Inside the Sky: A Meditation on Flight, by William Langewiesche (Pantheon, $24). Like the best athletes, the most daring pilots are not ordinarily blessed with a surplus ability to help us clearly understand how they perform their wondrous feats. In this case, however, the author, a longtime adventurous pilot and an inveterate wanderer (his last book was the acclaimed Sahara Unveiled), has just such a talent in ample supply, and he helps us to see flying afresh. Humankind may have become jaded about gaining its wings, he argues, but "of all inhabited places the sky remains the strangest," and it is still too early in our airborne existence to assume we know all that flight means. He is particularly lucid in describing the physical component of being a pilot and the point at which our physiological capabilities leave off and our dependence on mechanical instruments begins. In a somewhat hair-raising chapter on flying in bad weather — which Langewiesche often does on purpose, though in a decidedly non-daredevil spirit — the reader learns that "the secret of good storm flying is to stay low, in slow and vulnerable airplanes, and to resist the pursuit of performance." Given the author's frank approach to the subject of crashes, his might not be the book to read on your next bumpy cross-country flight, but it deserves a permanent place on the short list of books that illuminate "the inner world of sky."

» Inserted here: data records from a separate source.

(* In the Standing Setting, with $c,d$ defined for a flag $(p,B)$ as below and $\lambda^*=\lambda/(r,\lambda)$, we have $\lambda^*=c+d-2$.
   Context: Standing Setting: $\mathcal{D}=(\Omega,\mathcal{B})$ is a non-trivial $2$-$(v,k,\lambda)$ design (every two distinct points in exactly $\lambda$ blocks, blocks of size $k$, $2<k<v$) with $b$ blocks and replication number $r$, satisfying $\lambda\ge (r,\lambda)^2$. $G\le\mathrm{Aut}(\mathcal{D})$ is flag-transitive (transitive on pairs $(p,B)$ with $p\in B\in\mathcal{B}$). Moreover $\Omega=\Delta\times\Delta$ with $|\Delta|=\omega\ge 5$ odd, so $v=\omega^2$, and $T\times T\trianglelefteq G\le T_0\wr \mathbb{Z}_2$ acting in product action (the $\mathbb{Z}_2$ interchanging the two coordinates), where $T_0\le\mathrm{Sym}(\Delta)$ is $2$-transitive with nonabelian simple socle $T$; $G$ has rank $3$ on $\Omega$. For a flag $(p,B)$ with $p=(\alpha,\beta)$, $c$ is the number of points of $B$ with first coordinate $\alpha$ and $d$ the number of points of $B$ with second coordinate $\beta$. *)

From HB Require Import structures.
From mathcomp Require Import all_boot all_fingroup all_solvable.
Set Implicit Arguments. Unset Strict Implicit. Unset Printing Implicit Defensive.
Import GroupScope.

Section ProductAction.
Variable D : finType.

Definition prod_fun (a b : {perm D}) (u : D * D) : D * D := (a u.1, b u.2).
Lemma prod_fun_inj a b : injective (prod_fun a b).
Proof.
move=> [x y] [x' y'] [/perm_inj -> /perm_inj ->]; done.
Qed.
Definition prod_perm (a b : {perm D}) : {perm (D * D)} := perm (@prod_fun_inj a b).

Definition swap_fun (u : D * D) : D * D := (u.2, u.1).
Lemma swap_fun_inj : injective swap_fun.
Proof. by move=> [x y] [x' y'] [-> ->]. Qed.
Definition swap_perm : {perm (D * D)} := perm swap_fun_inj.

Definition prodX (K : {set {perm D}}) : {set {perm (D * D)}} :=
  [set prod_perm u.1 u.2 | u in setX K K].

Definition wreath2 (K : {set {perm D}}) : {set {perm (D * D)}} :=
  << prodX K :|: [set swap_perm] >>.

Definition socle (K : {group {perm D}}) : {set {perm D}} :=
  << \bigcup_(M : {group {perm D}} | minnormal M K) M >>.

Definition two_transitive (K : {set {perm D}}) : Prop :=
  forall x1 x2 y1 y2 : D, x1 != x2 -> y1 != y2 ->
    exists2 g, g \in K & g x1 = y1 /\ g x2 = y2.

End ProductAction.

Section Designs.
Variable P : finType.

Definition two_design (blocks : {set {set P}}) (k lambda : nat) : Prop :=
  (forall B, B \in blocks -> #|B| = k) /\
  (forall p q : P, p != q -> #|[set B in blocks | (p \in B) && (q \in B)]| = lambda).

Definition replication (blocks : {set {set P}}) (r : nat) : Prop :=
  forall p : P, #|[set B in blocks | p \in B]| = r.

Definition automorphisms (blocks : {set {set P}}) (G : {set {perm P}}) : Prop :=
  forall g B, g \in G -> B \in blocks -> [set g x | x in B] \in blocks.

Definition flag_transitive (blocks : {set {set P}}) (G : {set {perm P}}) : Prop :=
  forall p B p' B', B \in blocks -> p \in B -> B' \in blocks -> p' \in B' ->
    exists2 g, g \in G & g p = p' /\ [set g x | x in B] = B'.

(* rank of a transitive permutation group = number of orbitals *)
Definition rank3 (G : {set {perm P}}) : Prop :=
  [transitive G, on [set: P] | 'P] /\
  #|[set [set (g u.1, g u.2) | g : {perm P} in G] | u : P * P]| = 3.

End Designs.

(* Write w = |Delta| and, for the point p, let cross(p) be the 2w - 2 points
   other than p that share a row or a column with p.  The proof is counting:
   1. Design counting.  If every block through p meets a set S (p not in S) in
      m points, then r * m = lambda * |S|.  With S the complement of p this is
      r (k - 1) = lambda (v - 1); together with b k = v r and Fisher's
      inequality v <= b it also gives k <= r.
   2. Grid geometry.  Every element of T0 wr Z_2 preserves the relation "same
      row or same column", so by flag-transitivity all blocks through p meet
      cross(p) in the same number m of points, and m = c + d - 2 for the given
      block B.  Step 1 then yields r m = lambda (2w - 2).
   3. Arithmetic.  From r m = lambda (2w - 2), r (k - 1) = lambda (w^2 - 1),
      k <= r and (r, lambda)^2 <= lambda one gets m = lambda / (r, lambda). *)
From HB Require Import structures.
From mathcomp Require Import all_boot all_fingroup all_solvable.
Import GroupScope.
From mathcomp Require all_algebra ring.
From mathcomp Require Import zify.

(* The incidence matrix N satisfies N N^T = (r - lambda) I + lambda J,
   which is invertible over the rationals, so N has full row rank. *)
Module Fisher.
Import all_algebra ring.
Import GRing.Theory Num.Theory.
Local Open Scope ring_scope.

Lemma fisher_inequality {P : finType} {blocks : {set {set P}}} {k lambda r : nat} :
  two_design blocks k lambda -> replication blocks r -> (lambda < r)%N ->
  (#|P| <= #|blocks|)%N.
Proof.
move=> [_ Hlambda] Hrep lt_lambda_r.
set v := #|P|; set b := #|blocks|.
pose N : 'M[rat]_(v, b) :=
  \matrix_(i, j) ((enum_val i \in (enum_val j : {set P}))%:R).
pose a : rat := (r - lambda)%:R.
pose l : rat := lambda%:R.
pose J : 'M[rat]_v := const_mx 1.
have NNt : N *m N^T = a%:M + l *: J.
  apply/matrixP => i j; rewrite !mxE.
  under eq_bigr => t _ do rewrite !mxE -natrM mulnb.
  rewrite -natr_sum -(big_enum_val (fun B : {set P} =>
    (((enum_val i \in B) && (enum_val j \in B)) : nat))).
  rewrite -big_mkcondr /= sum1_card.
  have -> : (i == j) = (enum_val i == enum_val j).
    by apply/eqP/eqP => [->|/enum_val_inj].
  case: eqP => [<-|/eqP ne].
    have -> : #|[pred B in blocks | (enum_val i \in B) && (enum_val i \in B)]| = r.
      by rewrite -(Hrep (enum_val i)) -cardsE; apply: eq_card => B; rewrite !inE andbb.
    by rewrite mulr1n mulr1 /a /l -natrD subnK // ltnW.
  rewrite mulr0n add0r mulr1 /l -(Hlambda _ _ ne) -cardsE.
  by congr (_%:R); apply: eq_card => B; rewrite !inE.
have JJ : J *m J = (v%:R : rat) *: J.
  apply/matrixP => i j; rewrite !mxE.
  under eq_bigr => t _ do rewrite !mxE mulr1.
  by rewrite sumr_const card_ord mulr1.
have a_neq0 : a != 0 by rewrite pnatr_eq0 subn_eq0 -ltnNge lt_lambda_r.
have den_neq0 : a + l * v%:R != 0.
  by rewrite -natrM -natrD pnatr_eq0 addn_eq0 subn_eq0 leqNgt lt_lambda_r.
pose t := l / (a + l * v%:R).
pose X : 'M[rat]_v := a^-1 *: (1%:M - t *: J).
have right_inverse : N *m (N^T *m X) = 1%:M.
  rewrite mulmxA NNt /X -scalemxAr mulmxDr mulmxN !mulmxDl mul_scalar_mx mulmx1.
  rewrite mul_scalar_mx -scalemxAl -scalemxAr JJ !scalerA.
  apply/matrixP => i j; rewrite !mxE mulr1.
  have -> : a * t * 1 + l * t * v%:R * 1 = l by rewrite /t; field; exact: den_neq0.
  by rewrite addrK mulrA mulVf // mul1r.
have := mxrankM_maxl N (N^T *m X); rewrite right_inverse mxrank1 => rankN.
exact: leq_trans rankN (rank_leq_col _).
Qed.

End Fisher.

Section DesignCounting.
Context {P : finType} {blocks : {set {set P}}} {k lambda r : nat}.
Context (Hdesign : two_design blocks k lambda) (Hrep : replication blocks r).
Local Open Scope nat_scope.

Lemma sum_indicator (T : finType) (A C : pred T) :
  \sum_(x | A x) (C x : nat) = #|[set x | A x && C x]|.
Proof.
by rewrite -sum1dep_card big_mkcondr /=; apply: eq_bigr => x _; case: (C x).
Qed.

(* Counting pairs (B, q) with p, q in B and q in S in two ways. *)
Lemma count_blocks_meeting {S : {set P}} {p : P} {m : nat} :
  p \notin S -> (forall B, B \in blocks -> p \in B -> #|B :&: S| = m) ->
  r * m = lambda * #|S|.
Proof.
move=> pNS meetS.
have by_blocks : \sum_(B | (B \in blocks) && (p \in B)) \sum_(q | q \in S) (q \in B : nat)
    = r * m.
  rewrite -(Hrep p) -sum1dep_card big_distrl /=.
  apply: eq_bigr => B /andP[HB pB]; rewrite mul1n -(meetS B HB pB) sum_indicator.
  by apply: eq_card => q; rewrite !inE andbC.
rewrite -by_blocks exchange_big /= -sum1_card big_distrr /= muln1.
apply: eq_bigr => q qS; rewrite sum_indicator -(Hdesign.2 p q).
  by apply: eq_card => B; rewrite !inE andbA.
by apply: contraNneq pNS => ->.
Qed.

Lemma replication_identity : 0 < #|P| -> r * (k - 1) = lambda * (#|P| - 1).
Proof.
case/card_gt0P => p _; rewrite [#|P| - 1]subn1 -(cardsC1 p).
apply: (@count_blocks_meeting _ p); first by rewrite !inE eqxx.
move=> B HB pB; have := cardsD1 p B; rewrite pB (Hdesign.1 B HB) add1n => ->.
by rewrite subn1 /=; apply: eq_card => q; rewrite !inE andbC.
Qed.

Lemma flag_count : #|blocks| * k = #|P| * r.
Proof.
transitivity (\sum_(B in blocks) \sum_(q | true) (q \in B : nat)).
  rewrite -sum1_card big_distrl /=; apply: eq_bigr => B HB.
  rewrite mul1n sum_indicator -(Hdesign.1 B HB); apply: eq_card => q; by rewrite !inE.
rewrite exchange_big /= -sum1_card big_distrl /=; apply: eq_bigr => q _.
rewrite mul1n sum_indicator -(Hrep q); apply: eq_card => B; by rewrite !inE.
Qed.

(* In a non-trivial design lambda < r, hence (Fisher) k <= r. *)
Lemma block_size_le_replication : 0 < lambda -> 1 < k -> k < #|P| -> k <= r.
Proof.
move=> lambda_gt0 k_gt1 k_lt_v.
have v_gt0 : 0 < #|P| := leq_ltn_trans (leq0n k) k_lt_v.
have rk := replication_identity v_gt0.
have lt_lambda_r : lambda < r.
  have : lambda * (k - 1) < r * (k - 1) by rewrite rk ltn_mul2l lambda_gt0 ltn_sub2rE // ltnW.
  by rewrite ltn_mul2r => /andP[].
have v_le_b := Fisher.fisher_inequality Hdesign Hrep lt_lambda_r.
rewrite -(leq_pmul2l v_gt0) -flag_count.
by rewrite leq_mul2r v_le_b orbT.
Qed.

End DesignCounting.

Section Grid.
Context {D : finType}.
Implicit Types (u w p : D * D) (B : {set D * D}).
Local Open Scope nat_scope.

Definition collinear u w := (u.1 == w.1) || (u.2 == w.2).

(* Every element of K wr Z_2 preserves collinearity: the generators do, and
   the permutations preserving it form a group. *)
Lemma wreath2_collinear {K : {set {perm D}}} {g} :
  g \in wreath2 K -> forall u w, collinear (g u) (g w) = collinear u w.
Proof.
pose S := [set g : {perm D * D} |
  [forall u, forall w, collinear (g u) (g w) == collinear u w]].
have groupS : group_set S.
  apply/group_setP; split.
    by rewrite inE; apply/forallP => u; apply/forallP => w; rewrite !perm1.
  move=> x y; rewrite !inE => /forallP Hx /forallP Hy.
  apply/forallP => u; apply/forallP => w; rewrite !permM.
  by rewrite (eqP (forallP (Hy _) _)) (eqP (forallP (Hx _) _)).
have wreathS : wreath2 K \subset Group groupS.
  rewrite /wreath2 gen_subG; apply/subsetP => x; case/setUP.
    case/imsetP => [[a b] _ ->]; rewrite inE.
    apply/forallP => u; apply/forallP => w.
    by rewrite /prod_perm !permE /prod_fun /collinear /= !(inj_eq perm_inj).
  rewrite inE => /eqP ->; rewrite inE.
  apply/forallP => u; apply/forallP => w.
  by rewrite /swap_perm !permE /swap_fun /collinear /= orbC.
move=> Kg u w; have := subsetP wreathS g Kg; rewrite inE => /forallP Hg.
exact: (eqP (forallP (Hg u) w)).
Qed.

The Beach: The History of Paradise on Earth, by Lena Lencek and Gideon Bosker (Viking Press, $26). It's more challenging than the kind of book most of us ordinarily choose for beach reading, but this anecdotal history of le monde de la plage — by a professor of Russian and a doctor who write breezy pop-culture studies on the side — will make you feel pleasantly virtuous, as though you're watching a PBS documentary while simultaneously soaking up rays. For centuries, from the beach-blanket bingo of ancient Romans to spring break at Daytona Beach, seaside life has been an ever-changing fashion parade (involving a varying extent of bare skin) in search of an ideal summer. But some things remain the same: "In the presence of the timeless wash of waves, the sibilance of sand, and the warm kiss of the sun," the authors remind us, it is possible "to forget the nagging sense of fealty to cash, work, and responsibility." Amen.